We should continue to be the best in the rich client-side application
space, since 1. that has been our focus for a long time, 2. it is where
we excel, 3. it is where the majority of contributors are invested in
their day-to-day work, and 4. it is a space that is still in need of our
experience and innovation.

What does this mean for Dojo more generally? It means it will *never* be
#1 in the JavaScript library space. So stop playing these stupid
popularity contests already, or go work on jQuery and win the popularity
contest but spend the rest of your life wedging square pegs into round
holes as a Web app dev because it’s not designed for that and never will
be, just as Dojo is not designed for brochure sites and never will be.
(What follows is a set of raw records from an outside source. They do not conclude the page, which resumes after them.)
(* For all positive integers $k$, $n$ and $s$, $$\sum_{q\mid k}\bigl|c_q^{(s)}(n)\bigr|\le n\,2^{\omega(k)}.$$
   Context: For positive integers $a,b,s$, the generalized gcd $(a,b)_s$ is the largest $d^s$ ($d\in\mathbb{N}$) such that $d^s\mid a$ and $d^s\mid b$. The Cohen–Ramanujan sum is defined for positive integers $q,n,s$ by $$c_q^{(s)}(n)=\sum_{\substack{h=1\\ (h,q^s)_s=1}}^{q^s} e^{2\pi i n h/q^s}.$$ $\omega(k)$ denotes the number of distinct prime divisors of $k$; the sum is over the positive divisors $q$ of $k$. *)

From Stdlib Require Import Reals.
From Coquelicot Require Import Coquelicot.
From mathcomp Require Import all_boot.

Set Implicit Arguments.
Unset Strict Implicit.
Unset Printing Implicit Defensive.

(* Generalized gcd (a,b)_s : the largest d^s (d a natural number) with
   d^s | a and d^s | b.  For a > 0, any such d satisfies d <= a, so it
   suffices to range over d < a.+1 (d = 0 never qualifies for a > 0). *)
Definition ggcd (a b s : nat) : nat :=
  ((\max_(d < a.+1 | (d ^ s %| a) && (d ^ s %| b)) d) ^ s)%N.

Definition e2pi (x : R) : C := (cos (2 * PI * x), sin (2 * PI * x))%R.

Definition cohen_ramanujan (s q n : nat) : C :=
  foldr Cplus (RtoC 0)
    (map (fun h => e2pi (INR (n * h) / INR (q ^ s))%R)
         (filter (fun h => ggcd h (q ^ s) s == 1%N) (iota 1 (q ^ s)))).

Definition omega (k : nat) : nat := size (primes k).

From Stdlib Require Import Reals Lra.
From Coquelicot Require Import Coquelicot.
From HB Require Import structures.
From mathcomp Require Import all_boot.

(* Inclusion-exclusion over the primes p | q, removing the h <= q^s with p^s | h, expresses
   c_q^(s)(n) through complete exponential sums, and sum_(h = 1..Q) e(nh/Q) is Q if Q | n and 0
   otherwise.  Hence c^(s)(n) is multiplicative in q, and c_(p^(j+1))^(s)(n) is the difference
   of the complete sums for Q = p^((j+1)s) and Q = p^(js).  These vanish once p^(js) does not
   divide n, so for p^a || k the sum of |c_(p^j)^(s)(n)| over j <= a telescopes to at most
   2 p^(v_p(n)).  As c_r^(s)(n) only depends on the p'-part of n when p does not divide r,
   induction on the prime factors of k bounds the sum by prod_(p | k) 2 p^(v_p(n)) <= n 2^omega(k). *)

Lemma e2pi_add x y : e2pi (x + y) = Cmult (e2pi x) (e2pi y).
Proof.
rewrite /e2pi /Cmult /= Rmult_plus_distr_l cos_plus sin_plus.
by f_equal; ring.
Qed.

Lemma e2pi_nat (N : nat) : e2pi (INR N) = RtoC 1.
Proof.
rewrite /e2pi /RtoC.
have -> : 2 * PI * INR N = 0 + 2 * INR N * PI by ring.
by rewrite cos_period sin_period cos_0 sin_0.
Qed.

Lemma Cmult_fixed z t : Cmult z t = t -> z = RtoC 1 \/ t = RtoC 0.
Proof.
move=> zt; case: (Ceq_dec t (RtoC 0)) => [->|t0]; [by right | left].
have -> : z = Cmult (Cmult z t) (Cinv t) by field.
by rewrite zt; field.
Qed.

Definition expsum (x : R) (m L : nat) : C :=
  foldr Cplus (RtoC 0) (map (fun h => e2pi (INR h * x)) (iota m L)).

Lemma e2pi_mul_expsum x m L : Cmult (e2pi x) (expsum x m L) = expsum x m.+1 L.
Proof.
elim: L m => [|L IH] m; first by rewrite /expsum /=; ring.
have e k : expsum x k L.+1 = Cplus (e2pi (INR k * x)) (expsum x k.+1 L) by [].
rewrite !e Cmult_plus_distr_l IH -e2pi_add S_INR.
by congr (Cplus (e2pi _) _); ring.
Qed.

Lemma expsum_rcons x m L :
  expsum x m L.+1 = Cplus (expsum x m L) (e2pi (INR (m + L) * x)).
Proof.
rewrite /expsum -addn1 iotaD map_cat foldr_cat /=.
by elim: (iota m L) => [|a l IH] /=; [ring | rewrite IH; ring].
Qed.

(* Multiplying by e(x) shifts the window 1..Q to 2..Q+1, whose sum is the same because
   e((Q+1)x) = e(x). *)
Lemma expsum_root_of_unity x Q : e2pi (INR Q * x) = RtoC 1 ->
  e2pi x = RtoC 1 \/ expsum x 1 Q = RtoC 0.
Proof.
move=> eQ; apply: Cmult_fixed.
have eQ1 : e2pi (INR (1 + Q) * x) = e2pi x.
  by rewrite add1n S_INR Rmult_plus_distr_r Rmult_1_l Rplus_comm e2pi_add eQ; ring.
have := expsum_rcons x 1 Q; rewrite eQ1 /expsum /= -/(expsum x 2 Q) Rmult_1_l.
rewrite e2pi_mul_expsum => e.
have -> : expsum x 2 Q = Cplus (Copp (e2pi x)) (Cplus (e2pi x) (expsum x 2 Q)) by ring.
by rewrite e; ring.
Qed.

Lemma cos_2PI_frac_neq1 (n Q : nat) : (0 < Q)%N -> ~~ (Q %| n)%N ->
  cos (2 * PI * (INR n / INR Q)) <> 1.
Proof.
move=> Q0 Qn.
have hQ : 0 < INR Q by apply: lt_0_INR; apply/ltP.
have hr : 0 < INR (n %% Q) by apply: lt_0_INR; apply/ltP; rewrite lt0n.
have hrQ : INR (n %% Q) < INR Q by apply: lt_INR; apply/ltP; rewrite ltn_pmod.
have -> : 2 * PI * (INR n / INR Q)
          = 2 * (PI * INR (n %% Q) / INR Q) + 2 * INR (n %/ Q) * PI.
  rewrite {1}(divn_eq n Q) plus_INR mult_INR; field; lra.
rewrite cos_period cos_2a_sin.
suff : 0 < sin (PI * INR (n %% Q) / INR Q) by nra.
have := PI_RGT_0 => PI0; apply: sin_gt_0.
  by apply: Rdiv_lt_0_compat => //; apply: Rmult_lt_0_compat.
apply/(Rmult_lt_reg_r (INR Q)) => //.
rewrite /Rdiv Rmult_assoc Rinv_l; last lra.
by rewrite Rmult_1_r; apply: Rmult_lt_compat_l.
Qed.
We will ingratiate ourselves with decision-makers and developers in the
Web app space by being the first well-known library to provide a fully
integrated OSS toolkit for delivering Web apps across platforms using
new Web technology. We have our own core technologies in place (modules
and feature detection), so stop wasting time talking in circles about
purpose and start figuring out how to build what *we* want to use. If
these discussions keep going on, I’m going to start suspecting people
don’t actually want to do the work because it’s a lot easier to complain
than it is to write code and offer solutions.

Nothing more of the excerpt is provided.